Radiating Bondi Flows I: Dimensionless Framework and Constant Opacity Solutions

TL;DR

This paper extends Bondi accretion theory to include radiative feedback effects in gas-pressure-dominated environments, providing numerical solutions and scalings for accretion rates under constant opacity assumptions.

Contribution

It introduces a dimensionless framework for radiating Bondi flows with constant opacity, analyzing how radiative feedback suppresses accretion in gas-pressure-dominated regimes.

Findings

Radiative feedback mainly suppresses accretion at high optical depth, luminosity, and cooling time.

Derived scalings for accretion rate dependence on key parameters.

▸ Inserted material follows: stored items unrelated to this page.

(* Consider the stochastic quadratic problem in the context, and let $\eta_0,\dots,\eta_T$ be any deterministic learning rates. Run SGD $w_{t+1}=w_t-\eta_t(H(\xi_t)w_t-b(\xi_t))$ for $t=0,\dots,T$ from a deterministic $w_0$. Assume $\mathbb{E}_\xi[n_tn_t^\top]\preceq\sigma^2H$ for all $t$, and let $P_t=I-\eta_tH$. Let $\lambda_1,\dots,\lambda_d$ be the eigenvalues of $H$. Then $$\sum_{\tau=0}^T\mathbb{E}\left[\eta_\tau^2\,n_\tau^\top P_T\cdots P_{\tau+1}HP_{\tau+1}\cdots P_T\,n_\tau\right]\le\sigma^2\sum_{j=1}^d\lambda_j^2\sum_{k=0}^T\eta_k^2\prod_{i=k+1}^T(1-\eta_i\lambda_j)^2 .$$
   Context: Let $\xi$ be a random data sample, $H(\xi)\in\mathbb{R}^{d\times d}$ a random symmetric matrix and $b(\xi)\in\mathbb{R}^d$ a random vector. Define $f(w,\xi)=\frac12w^\top H(\xi)w-b(\xi)^\top w$. Set $H=\mathbb{E}H(\xi)$, assumed positive definite, and $b=\mathbb{E}b(\xi)$, with $w_*=H^{-1}b$. The samples $\xi_t$ are i.i.d. copies of $\xi$, and $n_t=(Hw_t-b)-(H(\xi_t)w_t-b(\xi_t))$. *)

From HB Require Import structures.
From mathcomp Require Import all_boot all_order all_algebra.
From mathcomp Require Import all_classical all_reals all_analysis.
Set Implicit Arguments. Unset Strict Implicit. Unset Printing Implicit Defensive.
Import Order.TTheory GRing.Theory Num.Theory.
Local Open Scope ring_scope.

Section Defs.
Context {R : realType} {dX : measure_display} {X : measurableType dX}.

(* Expectation over i.i.d. samples (xi_0, ..., xi_{N-1}) ~ mu^{N}, of a
   nonnegative (extended-real valued) function of the sample list:
   iterated integral  \int mu(dxi_0) ... \int mu(dxi_{N-1}) f [:: xi_0; ...; xi_{N-1}]. *)
Fixpoint iid_expect (mu : {measure set X -> \bar R}) (N : nat)
    (f : seq X -> \bar R) : \bar R :=
  match N with
  | 0 => f [::]
  | N'.+1 => (\int[mu]_x iid_expect mu N' (fun l => f (x :: l)))%E
  end.

Fixpoint sgd (d : nat) (Hx : X -> 'M[R]_d) (bx : X -> 'cV[R]_d)
    (eta : nat -> R) (t : nat) (w : 'cV[R]_d) (l : seq X) : 'cV[R]_d :=
  match l with
  | [::] => w
  | x :: l' => sgd Hx bx eta t.+1 (w - eta t *: (Hx x *m w - bx x)) l'
  end.

Definition noise (d : nat) (Hx : X -> 'M[R]_d) (bx : X -> 'cV[R]_d)
    (H : 'M[R]_d) (b : 'cV[R]_d) (w : 'cV[R]_d) (x : X) : 'cV[R]_d :=
  (H *m w - b) - (Hx x *m w - bx x).

End Defs.

Definition mxprod {R : pzRingType} (d : nat) (F : nat -> 'M[R]_d) (l : seq nat)
  : 'M[R]_d := foldr (fun i A => F i *m A) 1%:M l.

Definition posdef {R : realType} (d : nat) (A : 'M[R]_d) : Prop :=
  forall v : 'cV[R]_d, v != 0 -> 0 < (v^T *m A *m v) 0 0.

From HB Require Import structures.
From mathcomp Require Import all_boot all_order all_algebra.
From mathcomp Require Import all_classical all_reals all_analysis measurable_realfun.
From mathcomp Require Import ring lra.
Set Implicit Arguments. Unset Strict Implicit. Unset Printing Implicit Defensive.
Import Order.TTheory GRing.Theory Num.Theory.
Local Open Scope ring_scope.

(* Write H = Q^T diag(m) Q with Q orthogonal; this is the spectral theorem for a
   symmetric real matrix with split characteristic polynomial, proved by deflating
   one eigenvector at a time with a Householder reflection.  Every P_i is then
   Q^T diag(1 - eta_i m_k) Q, so the middle matrix of the tau-th term is Q^T diag(g) Q
   with g_k = m_k prod_i (1 - eta_i m_k)^2 >= 0, and its quadratic form in n is
   sum_k g_k ((row k Q) n)^2.  The tau-th term only depends on the first tau + 1
   samples; integrating out the sample xi_tau with the covariance bound at
   v = (row k Q)^T gives E ((row k Q) n)^2 <= sigma^2 m_k.  Summing over tau and
   using that the m_k are the lambda_j up to a permutation yields the bound. *)

Section Householder.
Variable R : realFieldType.

Lemma mulmx_trmx_row_gt0 n (v : 'rV[R]_n) : v != 0 -> 0 < (v *m v^T) 0 0.
Proof.
move=> vN0; have [j vj] : exists j, v 0 j != 0.
  apply/existsP; apply: contraR vN0 => /existsPn v0; apply/eqP/rowP => j.
  by rewrite mxE; apply/eqP; move: (v0 j); rewrite negbK.
have -> : (v *m v^T) 0 0 = \sum_i v 0 i ^+ 2.
  by rewrite mxE; apply: eq_bigr => i _; rewrite mxE expr2.
rewrite (bigD1 j) //= ltr_pwDl ?exprn_even_gt0 //.
by apply: sumr_ge0 => i _; exact: sqr_ge0.
Qed.

Lemma delta0_mul_trmx n (x : 'rV[R]_n.+1) : 'e_0 *m x^T = (x 0 0)%:M.
Proof. by rewrite -rowE; apply/matrixP => i j; rewrite !ord1 !mxE. Qed.

Lemma rank1_mx_sqr m (w : 'rV[R]_m) :
  (w^T *m w) *m (w^T *m w) = (w *m w^T) 0 0 *: (w^T *m w).
Proof.
rewrite mulmxA -[w^T *m w *m w^T]mulmxA {1}[w *m _]mx11_scalar.
by rewrite mul_mx_scalar scalemxAl.
Qed.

Presented numerical solutions across a broad parameter space.

Abstract

In this paper, we extend the foundational work of Bondi (1952) to include the effects of radiative feedback in gas-pressure-dominated environments. We construct steady-state spherically symmetric accretion solutions including radiative heating and cooling. Under the simplifying assumption of a constant opacity, the solutions are controlled by four dimensionless parameters: the adiabatic index $\gamma$, optical depth through the Bondi radius $\tau_B$, dimensionless luminosity at infinity $\tilde{L}_\infty$, and a characteristic dimensionless cooling time $\beta$. We present numerical solutions across the dimensionless parameter space $(\tau_B, \tilde{L}_\infty, \beta)\in [10^{-3}, 10^3]$. Contrary to radiation-pressure-dominated environments, radiative feedback primarily operates to suppress accretion -- particularly at high $\tau_B$, $\tilde{L}_\infty$, and/or $\beta$. We also present analytic descriptions confirming the suppressive nature of this feedback and give the scalings for the accretion rate $\dot{M}\sim \tilde{L}_\infty^{-5/4}$ at large $\tilde{L}_\infty$, $\dot{M}\sim \tau_B^{-10/11}\beta^{-5/11}$ at large $\tau_B$, and $\dot{M}\sim (\tilde{L}_\infty\tau_B)^{-5/8}$ for large $\tilde{L}_\infty\tau_B$. We discuss the potential role of convection in these steady-state solutions, and the particular relevance to problems of planet formation where radiative heating is significant, but the system remains in the gas-pressure-dominated regime.